Stored data:
(* There is a constant $C>0$ such that for any distinct integers $n_1,n_2$ there exists an integer $n_3$ with $n_3\bmod\tau\in(n_1\bmod\tau,\,n_2\bmod\tau)$ and $|n_3|<C\max(|n_1|,|n_2|)$.
   Context: $\tau=\frac{1+\sqrt5}{2}$. For real $x$, $x\bmod\tau$ is its image in $\mathbb{R}/\tau\mathbb{Z}$; for $a,b$ in this circle, $(a,b)$ is the open arc from $a$ to $b$ in the positive direction. The constant $C$ is independent of all variables. *)

From Stdlib Require Import Reals ZArith.
Open Scope R_scope.

Definition tau : R := (1 + sqrt 5) / 2.

(* Canonical representative in [0, tau) of the class of x in R / tau Z.
   Int_part y = floor y. *)
Definition rmod_tau (x : R) : R := x - tau * IZR (Int_part (x / tau)).

(* x mod tau lies in the open positively oriented arc from (a mod tau)
   to (b mod tau) on the circle R / tau Z: the positive displacement from a
   to x is strictly between 0 and the positive displacement from a to b. *)
Definition in_open_arc (x a b : R) : Prop :=
  0 < rmod_tau (x - a) /\ rmod_tau (x - a) < rmod_tau (b - a).

(* Write L for the representative of (n2 - n1) mod tau and d := n2 - n1 = L + m tau.
   The algebraic norm of L = d - m tau in Z[tau] is a nonzero integer, and its conjugate
   is O(|d|), so L >= c / |d|.  The units (2 - tau)^k = p - q tau of Z[tau] have norm 1,
   so they satisfy p (2 - tau)^k <= 1; the first one below L is p - q tau with
   p = O(1 / L) = O(|d|).  Then n3 := n1 + p lands in the arc, since
   (n3 - n1) mod tau = p - q tau lies in (0, L). *)
From Stdlib Require Import Reals ZArith Lra Lia Psatz.
Open Scope R_scope.

Lemma tau_sq : tau * tau = tau + 1.
Proof.
  assert (H5 : sqrt 5 * sqrt 5 = 5) by (apply sqrt_sqrt; lra).
  unfold tau; nra.
Qed.

Lemma tau_bounds : 1.6 < tau < 1.62.
Proof.
  assert (H5 : sqrt 5 * sqrt 5 = 5) by (apply sqrt_sqrt; lra).
  pose proof (sqrt_pos 5).
  unfold tau; split; nra.
Qed.

Lemma rmod_tau_range x : 0 <= rmod_tau x < tau.
Proof.
  destruct tau_bounds as [T1 T2].
  destruct (base_Int_part (x / tau)) as [B1 B2].
  unfold rmod_tau.
  set (y := x / tau) in *.
  replace x with (tau * y) by (unfold y; field; lra).
  split; nra.
Qed.

Lemma rmod_tau_eq x (m : Z) : 0 <= x - tau * IZR m < tau -> rmod_tau x = x - tau * IZR m.
Proof.
  intros [H1 H2]. destruct tau_bounds as [T1 T2].
  assert (A1 : IZR m <= x / tau).
  { apply (Rmult_le_reg_r tau); [lra|]. unfold Rdiv. rewrite Rmult_assoc, Rinv_l by lra. lra. }
  assert (A2 : x / tau < IZR m + 1).
  { apply (Rmult_lt_reg_r tau); [lra|]. unfold Rdiv. rewrite Rmult_assoc, Rinv_l by lra. lra. }
  destruct (base_Int_part (x / tau)) as [B1 B2].
  unfold rmod_tau. set (k := Int_part (x / tau)) in *.
  assert (k < m + 1)%Z by (apply lt_IZR; rewrite plus_IZR; simpl; lra).
  assert (m < k + 1)%Z by (apply lt_IZR; rewrite plus_IZR; simpl; lra).
  replace k with m by lia. reflexivity.
Qed.

(* The conjugate of a - b tau is a - b (1 - tau). *)
Lemma tau_norm (a b : Z) :
  (IZR a - IZR b * tau) * (IZR a - IZR b + IZR b * tau) = IZR (a * a - a * b - b * b).
Proof.
  rewrite !minus_IZR, !mult_IZR.
  transitivity (IZR a * IZR a - IZR a * IZR b - IZR b * IZR b
                - IZR b * IZR b * (tau * tau - tau - 1)); [ring|].
  rewrite tau_sq; ring.
Qed.

Lemma golden_norm_eq0 (x y : Z) : (x * x - x * y - y * y = 0)%Z -> x = 0%Z /\ y = 0%Z.
Proof.
  enough (H : forall n x y, (Z.abs x + Z.abs y <= Z.of_nat n)%Z ->
                (x * x - x * y - y * y = 0)%Z -> x = 0%Z /\ y = 0%Z)
    by (apply (H (Z.abs_nat x + Z.abs_nat y)%nat); lia).
  (* If x or y is odd then so is x^2 - xy - y^2; otherwise halve both. *)
  induction n as [|n IH]; intros a b Hab Hnorm; [lia|].
  destruct (Z.Even_or_Odd a) as [[a' ->]|[a' ->]];
  destruct (Z.Even_or_Odd b) as [[b' ->]|[b' ->]];
    try (exfalso; ring_simplify in Hnorm; lia).
  destruct (Z.eq_dec a' 0), (Z.eq_dec b' 0); try lia;
    destruct (IH a' b'); lia.
Qed.

Lemma rmod_tau_Z_lower_bound (d : Z) : d <> 0%Z -> 1 <= rmod_tau (IZR d) * (6 * Rabs (IZR d)).
Proof.
  intros Hd. destruct tau_bounds as [T1 T2].
  destruct (rmod_tau_range (IZR d)) as [L0 L1].
  set (m := Int_part (IZR d / tau)).
  assert (LE : rmod_tau (IZR d) = IZR d - IZR m * tau) by (unfold rmod_tau; fold m; ring).
  set (L := rmod_tau (IZR d)) in *.
  set (X := IZR d - IZR m + IZR m * tau).
  assert (LX : L * X = IZR (d * d - d * m - m * m)) by (rewrite LE; apply tau_norm).
  assert (N1 : 1 <= Rabs (L * X)).
  { rewrite LX, <- abs_IZR. apply IZR_le.
    assert ((d * d - d * m - m * m)%Z <> 0%Z) by (intros H; apply golden_norm_eq0 in H; lia).
    lia. }
  assert (D1 : 1 <= Rabs (IZR d)) by (rewrite <- abs_IZR; apply IZR_le; lia).
  assert (XE : X = 2 * IZR d - L - IZR m) by (unfold X; lra).
  assert (Dabs : - Rabs (IZR d) <= IZR d <= Rabs (IZR d)).
  { pose proof (Rle_abs (IZR d)). pose proof (Rle_abs (- IZR d)). rewrite Rabs_Ropp in *. lra. }
  assert (Mabs : - Rabs (IZR d) - 1 <= IZR m <= Rabs (IZR d) + 1) by (split; nra).
  assert (XB : Rabs X <= 6 * Rabs (IZR d)) by (rewrite XE; apply Rabs_le; lra).
  rewrite Rabs_mult, (Rabs_right L) in N1 by lra.
  nra.
Qed.

Lemma golden_unit_coords (n : nat) :
  exists p q : Z, (1 <= p)%Z /\ (0 <= q)%Z /\ (p * p - p * q - q * q = 1)%Z /\
    IZR p - IZR q * tau = (2 - tau) ^ n.
Proof.
  induction n as [|n (p & q & Hp & Hq & Hnorm & Hval)].
  - exists 1%Z, 0%Z. repeat split; try lia. simpl; ring.
  - exists (2 * p + q)%Z, (p + q)%Z. repeat split; try lia.
    rewrite <- tech_pow_Rmult, <- Hval, !plus_IZR, !mult_IZR.
    simpl. transitivity (2 * IZR p + IZR q - (IZR p + IZR q) * tau
                         + IZR q * (tau * tau - tau - 1)).
    + rewrite tau_sq; ring.
    + ring.
Qed.

Lemma golden_unit_mul_le1 (p q : Z) :
  (0 <= q)%Z -> (p * p - p * q - q * q = 1)%Z -> 0 < IZR p - IZR q * tau ->
  IZR p * (IZR p - IZR q * tau) <= 1.
Proof.
  intros Hq Hnorm Hpos. destruct tau_bounds.
  pose proof (tau_norm p q) as N. rewrite Hnorm in N.
  apply IZR_le in Hq.
  assert (0 <= IZR q * (tau - 1)) by nra.
  simpl in N. nra.
Qed.

Lemma small_golden_element (L : R) : 0 < L < tau ->
  exists p q : Z, (1 <= p)%Z /\ 0 < IZR p - IZR q * tau < L /\ IZR p * L <= tau + 1.
Proof.
  intros [L0 L1]. destruct tau_bounds as [T1 T2].
  assert (Hinv : (2 - tau) * (tau + 1) = 1) by (pose proof tau_sq; nra).
  destruct (pow_lt_1_zero (2 - tau)) with (y := L) as [N HN];
    [rewrite Rabs_right; lra | exact L0 |].
  specialize (HN N (Nat.le_refl N)). rewrite Rabs_right in HN by (apply Rle_ge, pow_le; lra).
  revert HN. induction N as [|n IH]; intros HN.
  - exists 1%Z, 0%Z. simpl. repeat split; try lia; lra.
  - destruct (Rlt_or_le ((2 - tau) ^ n) L) as [Hlt|Hge]; [exact (IH Hlt)|].
    destruct (golden_unit_coords (S n)) as (p & q & Hp & Hq & Hnorm & Hval).
    assert (Hpow : 0 < (2 - tau) ^ S n) by (apply pow_lt; lra).
    exists p, q. rewrite Hval. repeat split; auto.
    pose proof (golden_unit_mul_le1 p q Hq Hnorm ltac:(lra)) as Hle.
    rewrite Hval, <- tech_pow_Rmult in Hle.
    apply IZR_le in Hp.
    assert (HpL : IZR p * (2 - tau) * L <= 1).
    { assert (0 <= IZR p * (2 - tau)) by nra. nra. }
    assert (E : IZR p * L = IZR p * (2 - tau) * L * (tau + 1)).
    { transitivity (IZR p * L * ((2 - tau) * (tau + 1))); [rewrite Hinv|]; ring. }
    rewrite E. nra.
Qed.

Theorem lemma15 :
  exists C : R, 0 < C /\
    forall n1 n2 : Z, n1 <> n2 ->
      exists n3 : Z,
        in_open_arc (IZR n3) (IZR n1) (IZR n2) /\
        Rabs (IZR n3) < C * Rmax (Rabs (IZR n1)) (Rabs (IZR n2)).
Proof.
  exists 40. split; [lra|]. intros n1 n2 Hne.
  destruct tau_bounds as [T1 T2].
  set (M := Rmax (Rabs (IZR n1)) (Rabs (IZR n2))).
  assert (M1 : Rabs (IZR n1) <= M) by apply Rmax_l.
  assert (M2 : Rabs (IZR n2) <= M) by apply Rmax_r.
  set (d := (n2 - n1)%Z).
  assert (Hd : IZR n2 - IZR n1 = IZR d) by (unfold d; rewrite minus_IZR; ring).
  assert (DM : Rabs (IZR d) <= 2 * M).
  { rewrite <- Hd. unfold Rminus. eapply Rle_trans; [apply Rabs_triang|].
    rewrite Rabs_Ropp. lra. }
  assert (LB := rmod_tau_Z_lower_bound d ltac:(unfold d; lia)).
  destruct (rmod_tau_range (IZR d)) as [L0 L1].
  set (L := rmod_tau (IZR d)) in *.
  pose proof (Rabs_pos (IZR d)).
  assert (Lpos : 0 < L) by nra.
  destruct (small_golden_element L (conj Lpos L1)) as (p & q & Hp & [Q0 QL] & PL).
  apply IZR_le in Hp.
  exists (n1 + p)%Z. split.
  - unfold in_open_arc.
    replace (IZR (n1 + p) - IZR n1) with (IZR p) by (rewrite plus_IZR; ring).
    rewrite Hd, (rmod_tau_eq (IZR p) q) by lra. fold L. lra.
  - rewrite plus_IZR. eapply Rle_lt_trans; [apply Rabs_triang|].
    rewrite (Rabs_right (IZR p)) by lra.
    assert (IZR p <= 12 * (tau + 1) * M) by nra.
    nra.
Qed.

> **EXERCISE DIRECTIONS**: Starting at the line that contains "destruct (small_golden_element L", retype each line through the last one in the records, both included, and add nothing.

> **ANSWER BELOW**:
  destruct (small_golden_element L (conj Lpos L1)) as (p & q & Hp & [Q0 QL] & PL).
  apply IZR_le in Hp.
  exists (n1 + p)%Z. split.
  - unfold in_open_arc.
    replace (IZR (n1 + p) - IZR n1) with (IZR p) by (rewrite plus_IZR; ring).
    rewrite Hd, (rmod_tau_eq (IZR p) q) by lra. fold L. lra.
  - rewrite plus_IZR. eapply Rle_lt_trans; [apply Rabs_triang|].
    rewrite (Rabs_right (IZR p)) by lra.
    assert (IZR p <= 12 * (tau + 1) * M) by nra.
    nra.
Qed.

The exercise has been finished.